REQUIREMENT. There is one span to output from the data below: the lines starting at the line with "(Cmul (Cmul (Csub" and ending at the line with "(Cadd (Cmul (Cmul". Output it exactly, ends included, nothing more.

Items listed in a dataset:

┌────────

(* Let $k\ge2$, $m\ge1$, $N_1=n-mk\ge0$, $N_2=m$; let $\eta_1\in\mathbb C$ with $\hbar=k\eta_1$, $t_1=e^{\eta_1/2}$ (so $q=t_1^k$). Let $S_0=\bigsqcup_{\ell=1}^{N_2}\{e_{N_1+k(\ell-1)+j}-e_{N_1+k(\ell-1)+j+1}:1\le j\le k-1\}$, $\mathcal D_0=\{x: x_j-x_{j+1}=\eta_1$ whenever $e_j-e_{j+1}\in S_0\}$, with coordinates $x_1,\dots,x_{N_1}$ and $y_\ell=\frac1k\sum_{s=0}^{k-1}x_{N_1+k\ell-s}$. Then the restriction of the Koornwinder operator $M_{-e_1}$ to $\mathcal D_0$ is well defined and $$\overline{M_{-e_1}}=(t_0t_n)^{-1}\mathcal M_{N_1,N_2}+\kappa_t,$$ where $\mathcal M_{N_1,N_2}$ is the generalized Koornwinder operator with parameters $s=t_1$, $\xi=\eta_1$, $a=t_0u_0q^{-1}$, $b=-t_0u_0^{-1}q^{-1}$, $c=t_nu_n$, $d=-t_nu_n^{-1}$.
   Context: $V=\mathbb C^n$, orthonormal basis $e_i$, coordinates $x_i$; $\hbar\in\mathbb C\setminus\pi i\mathbb Q$, $q=e^{\hbar/2}$; $t_0,t_1,t_n,u_0,u_n\in\mathbb C^*$. $g(z;a,b)=\frac{ae^z-a^{-1}}{be^z-b^{-1}}$; $\mathsf T^a_z$ is the shift $z\mapsto z+a$. Koornwinder operator: $M_{-e_1}=\sum_{i=1}^n\sum_{\epsilon=\pm1}(t_0t_n)^{-1}\prod_{j\ne i}g(\epsilon x_i-x_j;t_1,1)g(\epsilon x_i+x_j;t_1,1)\cdot\frac{(1-t_0u_0q^{-1}e^{\epsilon x_i})(1+t_0u_0^{-1}q^{-1}e^{\epsilon x_i})(1-t_nu_ne^{\epsilon x_i})(1+t_nu_n^{-1}e^{\epsilon x_i})}{(1-q^{-2}e^{2\epsilon x_i})(1-e^{2\epsilon x_i})}(\mathsf T^{-\epsilon\hbar}_{x_i}-1)+\kappa_t$, with $\kappa_t=\frac{t_1^n-t_1^{-n}}{t_1-t_1^{-1}}(t_0t_nt_1^{n-1}+t_0^{-1}t_n^{-1}t_1^{1-n})$. Generalized Koornwinder operator, acting on functions of $x_1..x_{N_1},y_1..y_{N_2}$ with parameters $\hbar,\xi,a,b,c,d$, $q=e^{\hbar/2}$, $s=e^{\xi/2}$: $\mathcal M_{N_1,N_2}=\sum_{i\le N_1,\epsilon=\pm1}A_i^\epsilon(\mathsf T^{-\epsilon\hbar}_{x_i}-1)+\frac{1-q^{-2}}{1-s^{-2}}\sum_{\ell\le N_2,\epsilon=\pm1}B_\ell^\epsilon(\mathsf T^{-\epsilon\xi}_{y_\ell}-1)$, where $A_i^\epsilon=\prod_{j\ne i}g(\epsilon x_i-x_j;s,1)g(\epsilon x_i+x_j;s,1)\prod_{\ell'}g(\epsilon x_i-y_{\ell'};q^{1/2}s^{1/2},q^{-1/2}s^{1/2})g(\epsilon x_i+y_{\ell'};q^{1/2}s^{1/2},q^{-1/2}s^{1/2})\frac{(1-ae^{\epsilon x_i})(1-be^{\epsilon x_i})(1-ce^{\epsilon x_i})(1-de^{\epsilon x_i})}{(1-q^{-2}e^{2\epsilon x_i})(1-e^{2\epsilon x_i})}$, $B_\ell^\epsilon=\prod_{j}g(\epsilon y_\ell-x_j;q^{1/2}s^{1/2},q^{1/2}s^{-1/2})g(\epsilon y_\ell+x_j;q^{1/2}s^{1/2},q^{1/2}s^{-1/2})\prod_{\ell'\ne\ell}g(\epsilon y_\ell-y_{\ell'};q,1)g(\epsilon y_\ell+y_{\ell'};q,1)\frac{\prod_{p\in\{a,b,c,d\}}(1-pqs^{-1}e^{\epsilon y_\ell})}{(1-s^{-2}e^{2\epsilon y_\ell})(1-e^{2\epsilon y_\ell})}$. Restriction: writing $\mathsf T^{-\epsilon\hbar}_{x_i}=\tau(\epsilon e_i)$ with $(\tau(\lambda)f)(x)=f(x-\hbar\lambda)$, an operator $D=\sum_\lambda g_\lambda\tau(\lambda)$ restricts to $\overline D=\sum_{\lambda'}\big(\sum_{\bar\lambda=\lambda'}g_\lambda\big)|_{\mathcal D_0}\tau(\lambda')$, where $\bar\lambda$ is the orthogonal projection onto $\overline V=\{x:(\alpha,x)=0\ \forall\alpha\in S_0\}$, provided each restricted coefficient is a well-defined meromorphic function on $\mathcal D_0$. *)

From Stdlib Require Import Reals List ZArith Bool.
Import ListNotations.
Open Scope bool_scope.
Open Scope R_scope.

Record C := mkC { Cre : R ; Cim : R }.
Definition CR (r : R) : C := mkC r 0.
Definition C0 : C := CR 0.
Definition C1 : C := CR 1.
Definition Ci : C := mkC 0 1.
Definition Cnat (n : nat) : C := CR (INR n).
Definition CZ (z : Z) : C := CR (IZR z).
Definition Cadd (z w : C) : C := mkC (Cre z + Cre w) (Cim z + Cim w).
Definition Copp (z : C) : C := mkC (- Cre z) (- Cim z).
Definition Csub (z w : C) : C := Cadd z (Copp w).
Definition Cmul (z w : C) : C :=
  mkC (Cre z * Cre w - Cim z * Cim w) (Cre z * Cim w + Cim z * Cre w).
Definition Cinv (z : C) : C :=
  let d := Cre z * Cre z + Cim z * Cim z in mkC (Cre z / d) (- Cim z / d).
Definition Cdiv (z w : C) : C := Cmul z (Cinv w).
Definition Cexp (z : C) : C :=
  mkC (exp (Cre z) * cos (Cim z)) (exp (Cre z) * sin (Cim z)).
Fixpoint Cpow (z : C) (n : nat) : C :=
  match n with O => C1 | S p => Cmul z (Cpow z p) end.

Definition Csum {A} (l : list A) (f : A -> C) : C :=
  fold_right (fun a acc => Cadd (f a) acc) C0 l.
Definition Cprod {A} (l : list A) (f : A -> C) : C :=
  fold_right (fun a acc => Cmul (f a) acc) C1 l.
Definition rng (n : nat) : list nat := seq 1 n.
Definition sgnC (e : bool) : C := if e then C1 else Copp C1.
Definition signs : list bool := [true; false].

(* "hbar is not in pi*i*Q":  b*hbar <> a*pi*i for all integers a, b with b <> 0 *)
Definition not_in_piIQ (h : C) : Prop :=
  forall a b : Z, b <> 0%Z -> Cmul (CZ b) h <> Cmul (CZ a) (mkC 0 PI).

(* g(z;a,b) = (a e^z - a^{-1}) / (b e^z - b^{-1}) *)
Definition gden (z b : C) : C := Csub (Cmul b (Cexp z)) (Cinv b).
Definition gfun (z a b : C) : C := Cdiv (gden z a) (gden z b).

Definition Vec := nat -> C.
Definition unitvec (i : nat) (e : bool) : Vec :=
  fun j => if Nat.eqb j i then sgnC e else C0.
Definition zerovec : Vec := fun _ => C0.

(* A difference operator  D = sum_lambda g_lambda tau(lambda), given as the
   finite list of pairs (lambda, g_lambda), where (tau(lambda) f)(x) = f(x - hbar*lambda). *)
Definition DiffOp := list (Vec * (Vec -> C)).
Definition op_act (hbar : C) (D : DiffOp) (f : Vec -> C) (x : Vec) : C :=
  Csum D (fun p => Cmul (snd p x) (f (fun j => Csub (x j) (Cmul hbar (fst p j))))).

(* the coefficient of T^{-eps*hbar}_{x_i} (including the factor (t0 tn)^{-1}) *)
Definition K_coef (n : nat) (hbar t0 t1 tn u0 un : C) (i : nat) (e : bool) (x : Vec) : C :=
  let q := Cexp (Cdiv hbar (Cnat 2)) in
  let qi := Cinv q in
  let ex := Cexp (Cmul (sgnC e) (x i)) in
  let e2x := Cexp (Cmul (Cnat 2) (Cmul (sgnC e) (x i))) in
  Cmul (Cinv (Cmul t0 tn))
   (Cmul (Cprod (rng n) (fun j => if Nat.eqb j i then C1 else
            Cmul (gfun (Csub (Cmul (sgnC e) (x i)) (x j)) t1 C1)
                 (gfun (Cadd (Cmul (sgnC e) (x i)) (x j)) t1 C1)))
    (Cdiv
      (Cmul (Cmul (Csub C1 (Cmul (Cmul (Cmul t0 u0) qi) ex))
                  (Cadd C1 (Cmul (Cmul (Cmul t0 (Cinv u0)) qi) ex)))
            (Cmul (Csub C1 (Cmul (Cmul tn un) ex))
                  (Cadd C1 (Cmul (Cmul tn (Cinv un)) ex))))
      (Cmul (Csub C1 (Cmul (Cmul qi qi) e2x)) (Csub C1 e2x)))).

Definition kappa_t (n : nat) (t0 t1 tn : C) : C :=
  Cmul (Cdiv (Csub (Cpow t1 n) (Cinv (Cpow t1 n))) (Csub t1 (Cinv t1)))
       (Cadd (Cmul (Cmul t0 tn) (Cpow t1 (n - 1)))
             (Cmul (Cinv (Cmul t0 tn)) (Cinv (Cpow t1 (n - 1))))).

(* M_{-e_1} = sum_{i,eps} K_coef_{i,eps} (tau(eps e_i) - 1) + kappa_t, as a formal sum *)
Definition Koornwinder_op (n : nat) (hbar t0 t1 tn u0 un : C) : DiffOp :=
  flat_map (fun i => map (fun e => (unitvec i e, K_coef n hbar t0 t1 tn u0 un i e)) signs)
           (rng n)
  ++ [(zerovec, fun x => Csub (kappa_t n t0 t1 tn)
         (Csum (rng n) (fun i => Csum signs (fun e => K_coef n hbar t0 t1 tn u0 un i e x))))].

(* points x where all denominators occurring in M_{-e_1} are nonzero *)
Definition K_good (n : nat) (hbar t1 : C) (x : Vec) : Prop :=
  let q := Cexp (Cdiv hbar (Cnat 2)) in
  Csub t1 (Cinv t1) <> C0 /\
  forall i e, In i (rng n) ->
    (forall j, In j (rng n) -> j <> i ->
        gden (Csub (Cmul (sgnC e) (x i)) (x j)) C1 <> C0 /\
        gden (Cadd (Cmul (sgnC e) (x i)) (x j)) C1 <> C0) /\
    Csub C1 (Cmul (Cinv (Cmul q q)) (Cexp (Cmul (Cnat 2) (Cmul (sgnC e) (x i))))) <> C0 /\
    Csub C1 (Cexp (Cmul (Cnat 2) (Cmul (sgnC e) (x i)))) <> C0.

└────────

WRITTEN RESPONSE.
      (Cmul (Cmul (Csub C1 (Cmul (Cmul (Cmul t0 u0) qi) ex))
                  (Cadd C1 (Cmul (Cmul (Cmul t0 (Cinv u0)) qi) ex)))
            (Cmul (Csub C1 (Cmul (Cmul tn un) ex))
                  (Cadd C1 (Cmul (Cmul tn (Cinv un)) ex))))
      (Cmul (Csub C1 (Cmul (Cmul qi qi) e2x)) (Csub C1 e2x)))).

Definition kappa_t (n : nat) (t0 t1 tn : C) : C :=
  Cmul (Cdiv (Csub (Cpow t1 n) (Cinv (Cpow t1 n))) (Csub t1 (Cinv t1)))
       (Cadd (Cmul (Cmul t0 tn) (Cpow t1 (n - 1)))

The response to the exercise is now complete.